Exercise description:
Transcribe the listing below only from the line with "case: ifP => xB //;" up to and including the line with "rewrite /block_mass (sumr_restrict_neq0".

** Opening Data for processing block **

(* Each weight gains the factor [pi(u_k) = r(u_k)] * beta ^ [pi(u_k) = pi(v_k)],
   and beta ^ b = 1 - (1 - beta) b for a boolean b. *)
Lemma Zstage_succ r k : r \in FB -> (k < m)%N ->
  Zstage r k.+1 = pin_factor k * (Zstage r k - (1 - beta) * Sstage r k).
Proof.
move=> rF km; have /and3P[_ ukB vkB] := crossing_edge (Ordinal km).
have vk_uk : (vi k == ui k) = false by apply: contraNF vkB => /eqP->.
have Sstage_ind : Sstage r k =
    \sum_pi weight beta (stage r k) pi * (pi (vi k) == r (ui k))%:R.
  by rewrite /Sstage big_mkcond; apply: eq_bigr => pi _; case: ifP; rewrite ?mulr1 ?mulr0.
have -> : Zstage r k.+1 =
    \sum_pi weight beta (stage r k) pi * ((pi (ui k) == r (ui k))%:R * 1) -
    (1 - beta) * \sum_pi weight beta (stage r k) pi *
      ((pi (ui k) == r (ui k))%:R * (pi (vi k) == r (ui k))%:R).
  rewrite /Zstage /partition_fn mulr_sumr -sumrB; apply: eq_bigr => pi _.
  rewrite weight_stageS //; case: (eqVneq (pi (ui k)) (r (ui k))) => [->|_] /=.
    by rewrite eq_sym; case: (_ == _); rewrite /= ?expr0 ?expr1; ring.
  by ring.
rewrite !sum_weight_pin_ui // => [|p pi]; last by rewrite ffunE vk_uk.
by rewrite Sstage_ind /Zstage /partition_fn; under eq_bigr do rewrite mulr1; ring.
Qed.

Definition restrict (S : {set T}) pi : colouring T q :=
  [ffun x => if x \in S then pi x else None].

Definition block_mass r : R :=
  \sum_(pi : colouring T q | [forall x in B, pi x == r x]) weight beta Om pi.

Lemma L_sub_VB x : x \in L -> x \in VB.
Proof. by move=> xL; rewrite !inE (contraTN (@B_unpinned x) xL). Qed.

(* Restricting to the vertices of G_B moves the edges inside B into the factor w_{G[B]}
   and turns the colours of the inner boundary into pins. *)
Lemma weight_Om_split r pi : r \in FB -> [forall x in B, pi x == r x] ->
  weight beta Om pi = w_sub beta E B r * weight beta (stage r m) (restrict VB pi).
Proof.
move=> rF /forall_inP pi_r; have {}pi_r x : x \in B -> pi x = r x by move/pi_r/eqP.
have restrictE x : x \in VB -> restrict VB pi x = pi x by move=> xV; rewrite ffunE xV.
have dom_eq : on_set [set: T] pi = on_set VB (restrict VB pi).
  apply: eq_forallb => x; rewrite ffunE in_setT; case xV: (x \in VB) => //.
  have xB : x \in B by move: xV; rewrite !inE; case: (x \in B).
  by rewrite pi_r // feasible_dom // xB.
have pin_eq : [forall x in L, pi x == Some (sigma x)] =
    [forall x in L :|: pinned_ends m, restrict VB pi x == Some (bcol r x)].
  apply/forall_inP/forall_inP => H x.
    rewrite in_setU => /orP[xL|/imsetP[j _ ->]].
      by rewrite restrictE ?L_sub_VB // /bcol xL; exact: H.
    have /and3P[_ ujB _] := crossing_edge j.
    by rewrite restrictE ?ui_in_VB // pi_r // feasible_bcol.
  by move=> xL; have := H x; rewrite in_setU xL restrictE ?L_sub_VB // /bcol xL; apply.
have mono_split : mono_count E pi =
    (#|[set f in E | (f \subset B) && [forall x in f, forall y in f, r x == r y]]|
     + mono_count (EB :\: cut_edges m) (restrict VB pi))%N.
  rewrite cut_edges_size setD0 /mono_count -(cardsID [set f : {set T} | f \subset B]).
  congr (_ + _)%N; apply: eq_card => f;
    rewrite !inE; case fE: (f \in E); rewrite /= ?andbF //.
    case fB: (f \subset B); rewrite /= ?andbF // andbT.
    by apply: mono_edge_eq => x /(subsetP fB); exact: pi_r.
  case fB: (f \subset B) => //=; apply: mono_edge_eq => x xf.
  by rewrite restrictE // (leaving_edge_in_VB fE (negbT fB) xf).
rewrite /weight /= dom_eq pin_eq mono_split /w_sub.
by case: ifP => _; [rewrite exprD | rewrite mulr0].
Qed.

Lemma block_mass_stage r : r \in FB -> block_mass r = w_sub beta E B r * Zstage r m.
Proof.
move=> rF; pose extend pi : colouring T q := [ffun x => if x \in B then r x else pi x].
rewrite /Zstage /partition_fn (sumr_restrict_neq0 xpredT).
rewrite (reindex_onto (restrict VB) extend) /=.
  rewrite mulr_sumr /block_mass big_mkcond [RHS]big_mkcond; apply: eq_bigr => pi _ /=.
  have -> : (extend (restrict VB pi) == pi) = [forall x in B, pi x == r x].
    apply/eqP/forall_inP => [<- x xB | pi_r]; first by rewrite !ffunE xB.
    apply/ffunP => x; rewrite !ffunE; case: ifP => xB; first by rewrite (eqP (pi_r x xB)).
    by rewrite !inE xB.
  case: ifP => pi_r; rewrite ?andbF // andbT (weight_Om_split rF pi_r).
  by have [->|] := eqVneq (weight beta (stage r m) (restrict VB pi)) 0; rewrite ?mulr0.
move=> pi nz; apply/ffunP => x; rewrite !ffunE; case xV: (x \in VB); last first.
  by have := weight_neq0_dom x nz; rewrite /= xV; case: (pi x).
case: ifP => xB //; have [j ujx] := VB_cap_B xB xV.
rewrite (weight_neq0_pinned nz) ?feasible_bcol //.
by rewrite inE; apply/orP; right; apply/imsetP; exists j; rewrite ?inE.
Qed.

Lemma block_mass_gt0 r : r \in FB -> 0 < block_mass r.
Proof.
rewrite inE => /andP[_ /existsP[pi /andP[w_gt0 pi_r]]].
rewrite /block_mass (bigD1 pi) //= ltr_wpDr // sumr_ge0 // => pi' _.
exact: weight_ge0.
Qed.

Lemma partition_Om : partition_fn beta Om = \sum_(r in FB) block_mass r.
Proof.
rewrite /partition_fn (sumr_restrict_neq0 xpredT) (partition_big (restrict B) (mem FB)) /=.
  apply: eq_bigr => r rF.
  rewrite /block_mass (sumr_restrict_neq0 (fun pi => [forall x in B, _])).
  apply: eq_bigl => pi /=; case nz: (weight beta Om pi != 0); rewrite ?andbF ?andbT //.
  apply/eqP/forall_inP => [<- x xB | pi_r]; first by rewrite ffunE xB.
  apply/ffunP => x; rewrite ffunE; case: ifP => xB; first by rewrite (eqP (pi_r x xB)).
  by have := feasible_dom x rF; rewrite xB; case: (r x).
move=> pi nz; rewrite inE; apply/andP; split.
  apply/forallP => x; rewrite ffunE; case: ifP => xB //.
  by rewrite (weight_neq0_dom x nz) in_setT.
apply/existsP; exists pi; rewrite lt0r nz weight_ge0 //=.
by apply/forall_inP => x xB; rewrite ffunE xB.
Qed.

Lemma Zstage0_indep r r' : Zstage r 0 = Zstage r' 0.
Proof.
rewrite /Zstage /partition_fn; apply: eq_bigr => pi _.
rewrite /weight /= pinned_ends0 setU0; congr (if _ && _ then _ else _).
by apply: eq_forallb_in => x xL; rewrite /bcol xL.
Qed.

Lemma Zstage_neq0 r k : r \in FB -> (k <= m)%N -> Zstage r k != 0.
Proof.
move=> rF; apply: (@recurrence_neq0 _ (1 - beta) _ (Sstage r) pin_factor).
- move=> j; rewrite /Sstage /Zstage /partition_fn sumr_ge0 ?big_mkcond /=.
  + by apply: ler_sum => pi _; case: ifP => _; rewrite ?weight_ge0.
  + by move=> pi _; exact: weight_ge0.
- by move=> j; exact: Zstage_succ.
- apply: contraTneq (block_mass_gt0 rF).
  by rewrite block_mass_stage // => ->; rewrite mulr0 ltxx.
Qed.

Lemma pin_factor_neq0 k : pin_factor k != 0.
Proof.
by rewrite /pin_factor; case: ifP; rewrite ?oner_neq0 // invr_eq0 pnatr_eq0 -lt0n.
Qed.

Definition block_factor r : R :=
  w_sub beta E B r *
  \prod_(i < m) (1 - (1 - beta) * PrV beta (stage r i) (vi i) (r (ui i))).

Lemma block_factorE r : r \in FB ->
  block_factor r = block_mass r * (\prod_(i < m) (pin_factor i)^-1 / Zstage r 0).
Proof.
move=> rF; rewrite /block_factor (_ : \prod_(i < m) _ =
    \prod_(i < m) (1 - (1 - beta) * (Sstage r i / Zstage r i))) //.
rewrite (prod_telescope (fun k => @Zstage_succ r k rF)) ?block_mass_stage //.
- by ring.
- by move=> k; exact: Zstage_neq0.
- exact: pin_factor_neq0.
Qed.

Theorem block_marginal rho : rho \in FB ->
  PrS beta Om B rho = block_factor rho / \sum_(r in FB) block_factor r.
Proof.
move=> rhoF; set K := \prod_(i < m) (pin_factor i)^-1 / Zstage rho 0.
have factorE r : r \in FB -> block_factor r = block_mass r * K.
  by move=> rF; rewrite block_factorE // (Zstage0_indep r rho).
have K_neq0 : K != 0.
  rewrite mulf_neq0 ?invr_eq0 ?Zstage_neq0 // prodf_seq_neq0.
  by apply/allP => i _; rewrite invr_eq0 pin_factor_neq0.
rewrite /PrS -/(block_mass rho) partition_Om (factorE rho rhoF) (eq_bigr _ factorE).
by rewrite -mulr_suml invfM mulrACA mulfV ?mulr1.
Qed.

End Block.

Unset Implicit Arguments.
Set Strict Implicit.

Theorem mainTheorem6 (R : realFieldType) (q : nat) (beta : R) (T : finType)
  (E : {set {set T}}) (L : {set T}) (sigma : T -> 'I_q) (v : T)
  (B : {set T}) (s : seq (T * T)) (rho : {ffun T -> option 'I_q}) :
  (2 <= q)%N -> 0 <= beta -> beta < 1 ->
  (forall f, f \in E -> #|f| = 2%N) ->
  let Om := Instance [set: T] E L sigma in
  feasible beta Om ->
  v \notin L ->
  minset (fun X : {set T} => permissive beta Om X && (v \in X)) B ->
  uniq s ->
  (forall u w, ((u, w) \in s) = [&& [set u; w] \in E, u \in B & w \notin B]) ->
  rho \in feasible_set beta Om B ->
  let m := size s in
  let ui := fun j : nat => (nth (v, v) s j).1 in
  let vi := fun j : nat => (nth (v, v) s j).2 in
  let VB := (~: B) :|: inner_boundary [set: T] E B in
  let EB := E :\: inner_edges E B in
  let Omi := fun (r : {ffun T -> option 'I_q}) (i : 'I_m) =>
    Instance VB
      (EB :\: [set [set ui j; vi j] | j : 'I_m & (i <= j)%N])
      (L :|: [set ui j | j : 'I_m & (j < i)%N])
      (fun x => if x \in L then sigma x else odflt (sigma x) (r x)) in
  let F := fun r : {ffun T -> option 'I_q} =>
    w_sub beta E B r *
    \prod_(i < m) (1 - (1 - beta) * PrV beta (Omi r i) (vi i) (r (ui i))) in
  PrS beta Om B rho = F rho / \sum_(r in feasible_set beta Om B) F r.
Proof.
move=> q_ge2 beta_ge0 _ E_card2 Om _ _ minB s_uniq mem_s rhoF.
have B_unpinned x : x \in B -> x \notin L.
  case/minsetP: minB => /andP[/andP[/subsetP B_sub _] _] _ /B_sub.
  by rewrite !inE => /andP[].
exact: (block_marginal v (ltnW q_ge2) beta_ge0 E_card2 B_unpinned s_uniq mem_s rhoF).
Qed.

** Closing Data for processing block **

Answer box:
case: ifP => xB //; have [j ujx] := VB_cap_B xB xV.
rewrite (weight_neq0_pinned nz) ?feasible_bcol //.
by rewrite inE; apply/orP; right; apply/imsetP; exists j; rewrite ?inE.
Qed.

Lemma block_mass_gt0 r : r \in FB -> 0 < block_mass r.
Proof.
rewrite inE => /andP[_ /existsP[pi /andP[w_gt0 pi_r]]].
rewrite /block_mass (bigD1 pi) //= ltr_wpDr // sumr_ge0 // => pi' _.
exact: weight_ge0.
Qed.

Lemma partition_Om : partition_fn beta Om = \sum_(r in FB) block_mass r.
Proof.
rewrite /partition_fn (sumr_restrict_neq0 xpredT) (partition_big (restrict B) (mem FB)) /=.
  apply: eq_bigr => r rF.
  rewrite /block_mass (sumr_restrict_neq0 (fun pi => [forall x in B, _])).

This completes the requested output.